Yes, the Palladium fans were rowdy, rabid, and raucous (but not violent), and even though the set was 135 minutes long, the moshing and crowd surfing never ceased. That’s because even in 2017—after multiple Grammy wins, induction into the Rock and Roll Hall of Fame, and sales of more than 75 million records— Green Day still makes huge venues feel like the small, anything-goes pressure-cooker punk dens in which they got their start in the Bay Area back in the ’90s.

“The way to keep an arena show feeling intimate is to somehow break down the barrier between you and the audience,” says Green Day’s Billie Joe Armstrong. “One way we do that is to bring people up on stage with us. When I was 12, I saw Van Halen, and as I watched Eddie play a big guitar solo, I was thinking, ‘Oh my god, what would it be like to be up there on that stage? That is just insane.’ But in the back of my mind I was like, ‘That will never happen. That would be like catching a foul ball while watching a baseball game from the top deck of the Oakland Coliseum.’ But there’s something genuine that happens when we bring someone up to sing or play guitar—something that causes the crowd to get so into it that everybody kind of becomes one. It’s the ultimate form of unity.”

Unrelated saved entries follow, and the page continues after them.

(* Let $d$ be the discriminant of a real quadratic field and $p$ an odd prime not dividing $d$. Then $$\prod_{0<c<d/2}(-1)^{\lfloor pc/d\rfloor(\frac dc)}=\Big(\frac dp\Big)^{[d=8\text{ or } d\text{ is prime}]}.$$
   Context: $(\frac d{\cdot})$ is the Kronecker symbol (so $(\frac dc)=0$ when $\gcd(c,d)>1$); $\lfloor x\rfloor$ is the integer part. For an assertion $P$, $[P]=1$ if $P$ holds and $[P]=0$ otherwise. *)

From HB Require Import structures.
From mathcomp Require Import all_boot all_order all_algebra.
Set Implicit Arguments. Unset Strict Implicit. Unset Printing Implicit Defensive.
Import Order.TTheory GRing.Theory Num.Theory.

Definition squarefree (n : nat) : bool :=
  [forall p : 'I_n.+1, prime p ==> ~~ (p ^ 2 %| n)].

Definition real_quad_disc (d : nat) : bool :=
  (1 < d) &&
  (((d %% 4 == 1) && squarefree d) ||
   ((d %% 4 == 0) && squarefree (d %/ 4) && ((d %/ 4) %% 4 \in [:: 2; 3]))).

Definition kron_prime (d q : nat) : int :=
  if q == 2 then
    (if ~~ ssrnat.odd d then 0%R
     else if ((d %% 8 == 1) || (d %% 8 == 7))%N then 1%R else (-1)%R)
  else if q %| d then 0%R
  else if [exists x : 'I_q, x ^ 2 == d %[mod q]] then 1%R else (-1)%R.

Definition kron (d n : nat) : int :=
  if n == 0 then (if d == 1 then 1%R else 0%R)
  else (\prod_(f <- prime_decomp n) kron_prime d f.1 ^+ f.2)%R.

From HB Require Import structures.
From mathcomp Require Import all_boot all_order all_algebra.
From mathcomp Require Import cyclic zify.
Import GRing.Theory.
Set Implicit Arguments. Unset Strict Implicit. Unset Printing Implicit Defensive.

(* For 0 < c < d/2 the exponent is +-floor(pc/d) when gcd(c, d) = 1 and 0 otherwise,
   so the product is (-1)^S with S the sum of floor(pc/d) over the half system H of
   reduced residues in (0, d/2).  As in Gauss's lemma, folding pH back into H gives
   p^|H| = prod_c e_c: for odd d, e_c is 1 or d - 1 modulo d and the number of
   factors d - 1 has the parity of S; when 4 | d, e_c is 1, d - 1, d + 1 or 2d - 1
   modulo 2d, and floor(pc/d) is odd exactly for the last two.
   - d odd, squarefree and composite: |H| = (q - 1)|H_(d/q)| for a prime q | d, so
     p^|H| = 1 mod q by Fermat, which forces an even number of factors d - 1.
   - d = 4m <> 8: p^|H| = 1 mod K for K = 8 (K = 16 when 8 | d), and a character
     of {1, K/2 - 1, K/2 + 1, K - 1} mod K separates d +- 1 from 1, 2d - 1.
   - d prime: Eisenstein's lattice-point count, with d/2 even, turns S into the
     analogous sum for d modulo p, which is (d/p) by Gauss's lemma and Euler's
     criterion; for d = 8, S = floor(p/8) + floor(3p/8) is matched with Gauss's
     count for 2 modulo p. *)

Lemma modn_mulr_cancel n k x y :
  coprime k n -> x * k = y * k %[mod n] -> x = y %[mod n].
Proof.
move=> cop; wlog le_yx : x y / y <= x => [W E|].
  by case: (leqP y x) => [/W|/ltnW/W /(_ (esym E))]; [apply | move->].
move/eqP; rewrite !eqn_mod_dvd ?leq_mul2r ?le_yx ?orbT // -mulnBl.
by rewrite Gauss_dvdl 1?coprime_sym // -eqn_mod_dvd //; move/eqP.
Qed.

Lemma modn_prod_congr n (I : eqType) (r : seq I) (F G : I -> nat) :
  {in r, forall i, F i = G i %[mod n]} ->
  \prod_(i <- r) F i = \prod_(i <- r) G i %[mod n].
Proof.
elim: r => [|i r IH] FG; rewrite ?big_nil ?big_cons //.
rewrite -modnMm FG ?mem_head // IH ?modnMm // => j rj.
by apply: FG; rewrite inE rj orbT.
Qed.

Lemma perm_map_in (T : eqType) (s : seq T) (f : T -> T) :
  uniq s -> {in s, forall x, f x \in s} -> {in s &, injective f} ->
  perm_eq (map f s) s.
Proof.
move=> s_uniq fs f_inj; have fs_uniq : uniq (map f s) by rewrite map_inj_in_uniq.
have fs_sub : {subset map f s <= s} by move=> y /mapP [x sx ->]; apply: fs.
have [_ fsE] := uniq_min_size fs_uniq fs_sub (eq_leq (esym (size_map f s))).
exact: uniq_perm.
Qed.

Lemma gauss_product n a (H : seq nat) (f g : nat -> nat) :
  uniq H -> {in H, forall c, coprime c n} ->
  {in H, forall c, f c \in H} -> {in H &, injective f} ->
  {in H, forall c, a * c = f c * g c %[mod n]} ->
  a ^ size H = \prod_(c <- H) g c %[mod n].
Proof.
move=> H_uniq copH fH f_inj afg.
have copP : coprime (\prod_(c <- H) c) n.
  rewrite big_seq; elim/big_ind: _ => [|x y|c /copH] //; first exact: coprime1n.
  by rewrite coprimeMl => -> ->.
apply: (modn_mulr_cancel copP).
have -> : a ^ size H * \prod_(c <- H) c = \prod_(c <- H) (a * c).
  by rewrite big_split /= big_const_seq count_predT iter_muln_1.
rewrite (modn_prod_congr afg) big_split /= mulnC.
rewrite -[in X in _ * X](big_map f xpredT id).
by rewrite (perm_big _ (perm_map_in H_uniq fH f_inj)).
Qed.

(** * Half systems of reduced residues *)

Lemma coprime_subnl n r : r <= n -> coprime (n - r) n = coprime r n.
Proof. by move/subnK=> {2 3}<-; rewrite /coprime gcdnDl addnC gcdnDl [gcdn r _]gcdnC. Qed.

Lemma coprime_subnr n r : n <= r -> coprime (r - n) n = coprime r n.
Proof. by move/subnKC=> {2}<-; rewrite /coprime [gcdn (_ + _) _]gcdnC gcdnDl gcdnC. Qed.

Definition half_system n := [seq c <- index_iota 1 n | (2 * c < n) && coprime c n].

Lemma half_system_uniq n : uniq (half_system n).
Proof. by rewrite filter_uniq // iota_uniq. Qed.

Lemma mem_half_system n c :
  (c \in half_system n) = [&& 0 < c, c < n, 2 * c < n & coprime c n].
Proof. by rewrite mem_filter mem_index_iota andbC -!andbA. Qed.

Lemma half_system_odd n c : ~~ odd n -> c \in half_system n -> odd c.
Proof.
move=> n_even; rewrite mem_half_system => /and4P [_ _ _].
apply: contraTT => c_even; apply/negP => /eqP gcd1.
have : 2 %| gcdn c n by rewrite dvdn_gcd !dvdn2 c_even n_even.
by rewrite gcd1.
Qed.

Lemma half_system_prime n : prime n -> odd n -> half_system n = index_iota 1 (n %/ 2).+1.
Proof.
move=> n_prime n_odd; have nE : n.-1 = n %/ 2 + n %/ 2.
  by move: (modn2 n); rewrite n_odd; lia.
rewrite /half_system /index_iota !subn1 /= nE iotaD filter_cat.
rewrite (eq_in_filter (a2 := predT)) ?filter_predT; last first.
  move=> c; rewrite mem_iota => c_bound /=; rewrite coprime_sym prime_coprime //.
  by rewrite gtnNdvd; lia.
rewrite (eq_in_filter (a2 := pred0)) ?filter_pred0 ?cats0 //.
by move=> c; rewrite mem_iota => c_bound /=; apply/negbTE; lia.
Qed.

Lemma totient_half_system n : 2 < n -> totient n = 2 * size (half_system n).
Proof.
move=> n_gt2; rewrite totient_count_coprime big_ltn; last by lia.
rewrite /coprime gcdn0 gtn_eqF ?(ltnW n_gt2) // add0n size_filter -sumn_count.
rewrite sumnE big_map mul2n -addnn.
have halves c : 0 < c < n -> nat_of_bool (coprime n c) =
    ((2 * c < n) && coprime c n : nat) + ((n < 2 * c) && coprime c n : nat).
  move=> /andP [c_gt0 c_lt_n]; rewrite coprime_sym.
  case: ltngtP => //= two_c; rewrite ?addn0 //.
  have c_gt1 : 1 < c by rewrite -(ltn_pmul2l (isT : 0 < 2)) two_c.
  by rewrite /coprime -two_c gcdnMl gtn_eqF.
rewrite (eq_big_nat _ _ halves) big_split /=; congr (_ + _).
rewrite big_nat_rev /=; apply: eq_big_nat => c /andP [c_gt0 c_lt_n].
rewrite add1n subSS coprime_subnl ?(ltnW c_lt_n) //.
by congr (_ && _); apply/idP/idP => ?; lia.
Qed.

Lemma size_half_system_mul m n : coprime m n -> 2 < n -> 2 < m * n ->
  size (half_system (m * n)) = totient m * size (half_system n).
Proof.
move=> cop n_gt2 mn_gt2; apply/eqP; rewrite -(eqn_pmul2l (isT : 0 < 2)) mulnCA.
by rewrite -!totient_half_system // totient_coprime.
Qed.

Lemma half_system_pm_inj n a (f : nat -> nat) : 0 < n -> coprime a n ->
  (forall x, f x = x %[mod n] \/ f x + x = 0 %[mod n]) ->
  {in half_system n &, injective (fun c => f (a * c))}.
Proof.
move=> n_gt0 cop f_pm c c'; rewrite !mem_half_system.
move=> /and4P [c_gt0 c_lt_n c_half _] /and4P [c'_gt0 c'_lt_n c'_half _] /= eq_f.
have [] : a * c = a * c' %[mod n] \/ a * c + a * c' = 0 %[mod n].
  case: (f_pm (a * c)) (f_pm (a * c')) => fc [] fc'; rewrite eq_f in fc.
  - by left; rewrite -fc fc'.
  - by right; rewrite -modnDml -fc modnDml fc'.
  - by right; rewrite -modnDmr -fc' modnDmr addnC fc.
  - by left; apply/eqP; rewrite -(eqn_modDl (f (a * c'))) fc fc'.
- rewrite ![a * _]mulnC => /(modn_mulr_cancel cop).
  by rewrite !modn_small.
- rewrite -mulnDr mod0n => /eqP; rewrite -/(dvdn n _) Gauss_dvdr 1?coprime_sym //.
  by move/dvdn_leq; rewrite addn_gt0 c_gt0; lia.
Qed.

(** * Gauss's lemma modulo an odd number *)

Definition upper_res n x := n < 2 * (x %% n).

Definition abs_res n x := if upper_res n x then n - x %% n else x %% n.

Lemma abs_res_pm n x : 0 < n ->
  abs_res n x = x %[mod n] \/ abs_res n x + x = 0 %[mod n].
Proof.
rewrite /abs_res => n_gt0; case: upper_res; last by left; rewrite modn_mod.
by right; rewrite -modnDmr subnK ?modnn ?mod0n //; exact/ltnW/ltn_pmod.
Qed.

Section OddGauss.

Variables n a : nat.
Hypotheses (n_odd : odd n) (n_gt1 : 1 < n) (a_coprime : coprime a n).

Let n_gt0 : 0 < n. Proof. exact: ltnW. Qed.

Lemma abs_res_half_system c :
  c \in half_system n -> abs_res n (a * c) \in half_system n.
Proof.
rewrite !mem_half_system => /and4P [_ _ _ c_coprime].
have r_lt_n : (a * c) %% n < n by exact: ltn_pmod.
have r_coprime : coprime ((a * c) %% n) n by rewrite coprime_modl coprimeMl a_coprime.
have r_gt0 : 0 < (a * c) %% n.
  by rewrite lt0n; apply: contraTneq r_coprime => ->; rewrite /coprime gcd0n gtn_eqF.
have two_r : 2 * ((a * c) %% n) != n by apply: contraTneq n_odd => <-; rewrite oddM.
rewrite /abs_res /upper_res; case: ifP => upper.
  by rewrite coprime_subnl ?(ltnW r_lt_n) // r_coprime andbT; apply/and3P; split; lia.
by rewrite r_coprime andbT r_gt0 r_lt_n; lia.
Qed.

Lemma abs_res_half_system_inj :
  {in half_system n &, injective (fun c => abs_res n (a * c))}.
Proof. by apply: half_system_pm_inj => // x; apply: abs_res_pm. Qed.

Green Day is 30 years old now, but the band doesn’t seem to have lost any of its appeal. The original core trio—Armstrong, bassist Mike Dirnt, and drummer Tré Cool— is still intact, and their allure is as strong as ever. That allure lies in the group’s anthemic, super-singable choruses; thunderous, mosh-worthy riffs; inclusive, peace-punk ethos; and fearless lyrical stances on everything from mass shooters and homophobia to police protests and the chaotic climate of American politics. And Green Day’s popular magnetism is still working commercially, as well—the band’s new album, Revolution Radio [Reprise], landed at #1 worldwide the first week of its release.